ASSIGNMENT >> Would you retype the listing below exactly as given?

INPUT RECORDS >>
(* Let $G=(V,E)$ be a connected graph with $n$ vertices and $m\ge1$ edges $e_1,\dots,e_m$ with positive integer weights $w_1,\dots,w_m$, and let $w_{\max}=\max_i w_i$. Consider the (1+1)~EA for the minimum spanning tree problem started with an arbitrary bit string $x^{(0)}\in\{0,1\}^m$ that encodes a spanning tree of $G$. Then its expected optimization time (the expected first time $t$ at which $x^{(t)}$ encodes a minimum spanning tree) is at most $$2\mathrm{e}\, m^2\,(1+\ln m+\ln w_{\max}).$$
   Context: A bit string $x\in\{0,1\}^m$ encodes the edge set $\{e_i: x_i=1\}$; its weight is $w(x)=\sum_{i=1}^m w_ix_i$. The (1+1)~EA for the MST problem, started at a spanning tree $x^{(0)}$: for $t=0,1,2,\dots$, sample $y$ by flipping each bit of $x^{(t)}$ independently with probability $1/m$; set $x^{(t+1)}:=y$ if $y$ encodes a spanning tree of $G$ and $w(y)\le w(x^{(t)})$, and $x^{(t+1)}:=x^{(t)}$ otherwise. (This is the behavior of minimizing the fitness $w(x)+p(x)$ where the penalty $p$ ensures that once a spanning tree is reached, non-spanning-trees are never accepted.) *)

From Stdlib Require Import Reals List Arith Bool ClassicalEpsilon.
Import ListNotations.
Open Scope R_scope.

(* Graphs: vertices are 0..n-1, edges e_1..e_m are the list es (e_i = nth (i-1) es),
   bit strings x are lists of bools of length m, bit i (0-based) selects edge nth i es. *)

Inductive reach (es : list (nat * nat)) : nat -> nat -> Prop :=
| reach_refl u : reach es u u
| reach_step u v w : (In (u, v) es \/ In (v, u) es) -> reach es v w -> reach es u w.

Definition sel_edges (es : list (nat * nat)) (x : list bool) (keep : nat -> bool)
  : list (nat * nat) :=
  map snd (filter (fun p : nat * (nat * nat) => andb (nth (fst p) x false) (keep (fst p)))
                  (combine (seq 0 (length es)) es)).

(* x encodes a spanning tree: the selected edge set spans (connects) all n vertices
   and is acyclic (no selected edge lies on a cycle: its endpoints are not connected
   by the other selected edges). *)
Definition is_spanning_tree (n : nat) (es : list (nat * nat)) (x : list bool) : Prop :=
  length x = length es /\
  (forall u v, (u < n)%nat -> (v < n)%nat -> reach (sel_edges es x (fun _ => true)) u v) /\
  (forall i, (i < length es)%nat -> nth i x false = true ->
     ~ reach (sel_edges es x (fun j => negb (Nat.eqb j i)))
             (fst (nth i es (0%nat, 0%nat))) (snd (nth i es (0%nat, 0%nat)))).

Definition weight (ws : list nat) (x : list bool) : nat :=
  fold_right Nat.add 0%nat (map (fun p : bool * nat => if fst p then snd p else 0%nat) (combine x ws)).

Definition is_mst (n : nat) (es : list (nat * nat)) (ws : list nat) (x : list bool) : Prop :=
  is_spanning_tree n es x /\
  forall y, is_spanning_tree n es y -> (weight ws x <= weight ws y)%nat.

Fixpoint bitstrings (m : nat) : list (list bool) :=
  match m with
  | O => [[]]
  | S k => map (cons false) (bitstrings k) ++ map (cons true) (bitstrings k)
  end.

Definition Rsum {A} (l : list A) (f : A -> R) : R := fold_right Rplus 0 (map f l).

Definition indicator (P : Prop) : R :=
  if excluded_middle_informative P then 1 else 0.

(* Probability that standard bit mutation (rate 1/m) turns x into y. *)
Definition mut_prob (m : nat) (x y : list bool) : R :=
  fold_right Rmult 1
    (map (fun p : bool * bool => if Bool.eqb (fst p) (snd p) then 1 - / INR m else / INR m)
         (combine x y)).

Definition ea_select (n : nat) (es : list (nat * nat)) (ws : list nat) (x y : list bool)
  : list bool :=
  if excluded_middle_informative (is_spanning_tree n es y /\ (weight ws y <= weight ws x)%nat)
  then y else x.

(* surv t z = Pr[ x^(t) = z and x^(s) is not an MST for all s <= t ]. *)
Fixpoint surv (n : nat) (es : list (nat * nat)) (ws : list nat) (x0 : list bool) (t : nat)
  : list bool -> R :=
  match t with
  | O => fun z => indicator (z = x0 /\ ~ is_mst n es ws z)
  | S t' =>
      let prev := surv n es ws x0 t' in
      fun z => indicator (~ is_mst n es ws z) *
        Rsum (bitstrings (length es)) (fun x => prev x *
          Rsum (bitstrings (length es)) (fun y =>
            mut_prob (length es) x y * indicator (ea_select n es ws x y = z)))
  end.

WRITTEN RESPONSE >>
(* Let $G=(V,E)$ be a connected graph with $n$ vertices and $m\ge1$ edges $e_1,\dots,e_m$ with positive integer weights $w_1,\dots,w_m$, and let $w_{\max}=\max_i w_i$. Consider the (1+1)~EA for the minimum spanning tree problem started with an arbitrary bit string $x^{(0)}\in\{0,1\}^m$ that encodes a spanning tree of $G$. Then its expected optimization time (the expected first time $t$ at which $x^{(t)}$ encodes a minimum spanning tree) is at most $$2\mathrm{e}\, m^2\,(1+\ln m+\ln w_{\max}).$$
   Context: A bit string $x\in\{0,1\}^m$ encodes the edge set $\{e_i: x_i=1\}$; its weight is $w(x)=\sum_{i=1}^m w_ix_i$. The (1+1)~EA for the MST problem, started at a spanning tree $x^{(0)}$: for $t=0,1,2,\dots$, sample $y$ by flipping each bit of $x^{(t)}$ independently with probability $1/m$; set $x^{(t+1)}:=y$ if $y$ encodes a spanning tree of $G$ and $w(y)\le w(x^{(t)})$, and $x^{(t+1)}:=x^{(t)}$ otherwise. (This is the behavior of minimizing the fitness $w(x)+p(x)$ where the penalty $p$ ensures that once a spanning tree is reached, non-spanning-trees are never accepted.) *)

From Stdlib Require Import Reals List Arith Bool ClassicalEpsilon.
Import ListNotations.
Open Scope R_scope.

(* Graphs: vertices are 0..n-1, edges e_1..e_m are the list es (e_i = nth (i-1) es),
   bit strings x are lists of bools of length m, bit i (0-based) selects edge nth i es. *)

Inductive reach (es : list (nat * nat)) : nat -> nat -> Prop :=
| reach_refl u : reach es u u
| reach_step u v w : (In (u, v) es \/ In (v, u) es) -> reach es v w -> reach es u w.

Definition sel_edges (es : list (nat * nat)) (x : list bool) (keep : nat -> bool)
  : list (nat * nat) :=
  map snd (filter (fun p : nat * (nat * nat) => andb (nth (fst p) x false) (keep (fst p)))
                  (combine (seq 0 (length es)) es)).

(* x encodes a spanning tree: the selected edge set spans (connects) all n vertices
   and is acyclic (no selected edge lies on a cycle: its endpoints are not connected
   by the other selected edges). *)
Definition is_spanning_tree (n : nat) (es : list (nat * nat)) (x : list bool) : Prop :=
  length x = length es /\
  (forall u v, (u < n)%nat -> (v < n)%nat -> reach (sel_edges es x (fun _ => true)) u v) /\
  (forall i, (i < length es)%nat -> nth i x false = true ->
     ~ reach (sel_edges es x (fun j => negb (Nat.eqb j i)))
             (fst (nth i es (0%nat, 0%nat))) (snd (nth i es (0%nat, 0%nat)))).

Definition weight (ws : list nat) (x : list bool) : nat :=
  fold_right Nat.add 0%nat (map (fun p : bool * nat => if fst p then snd p else 0%nat) (combine x ws)).

Definition is_mst (n : nat) (es : list (nat * nat)) (ws : list nat) (x : list bool) : Prop :=
  is_spanning_tree n es x /\
  forall y, is_spanning_tree n es y -> (weight ws x <= weight ws y)%nat.

Fixpoint bitstrings (m : nat) : list (list bool) :=
  match m with
  | O => [[]]
  | S k => map (cons false) (bitstrings k) ++ map (cons true) (bitstrings k)
  end.

Definition Rsum {A} (l : list A) (f : A -> R) : R := fold_right Rplus 0 (map f l).

Definition indicator (P : Prop) : R :=
  if excluded_middle_informative P then 1 else 0.

(* Probability that standard bit mutation (rate 1/m) turns x into y. *)
Definition mut_prob (m : nat) (x y : list bool) : R :=
  fold_right Rmult 1
    (map (fun p : bool * bool => if Bool.eqb (fst p) (snd p) then 1 - / INR m else / INR m)
         (combine x y)).

Definition ea_select (n : nat) (es : list (nat * nat)) (ws : list nat) (x y : list bool)
  : list bool :=
  if excluded_middle_informative (is_spanning_tree n es y /\ (weight ws y <= weight ws x)%nat)
  then y else x.

(* surv t z = Pr[ x^(t) = z and x^(s) is not an MST for all s <= t ]. *)
Fixpoint surv (n : nat) (es : list (nat * nat)) (ws : list nat) (x0 : list bool) (t : nat)
  : list bool -> R :=
  match t with
  | O => fun z => indicator (z = x0 /\ ~ is_mst n es ws z)
  | S t' =>
      let prev := surv n es ws x0 t' in
      fun z => indicator (~ is_mst n es ws z) *
        Rsum (bitstrings (length es)) (fun x => prev x *
          Rsum (bitstrings (length es)) (fun y =>
            mut_prob (length es) x y * indicator (ea_select n es ws x y = z)))
  end.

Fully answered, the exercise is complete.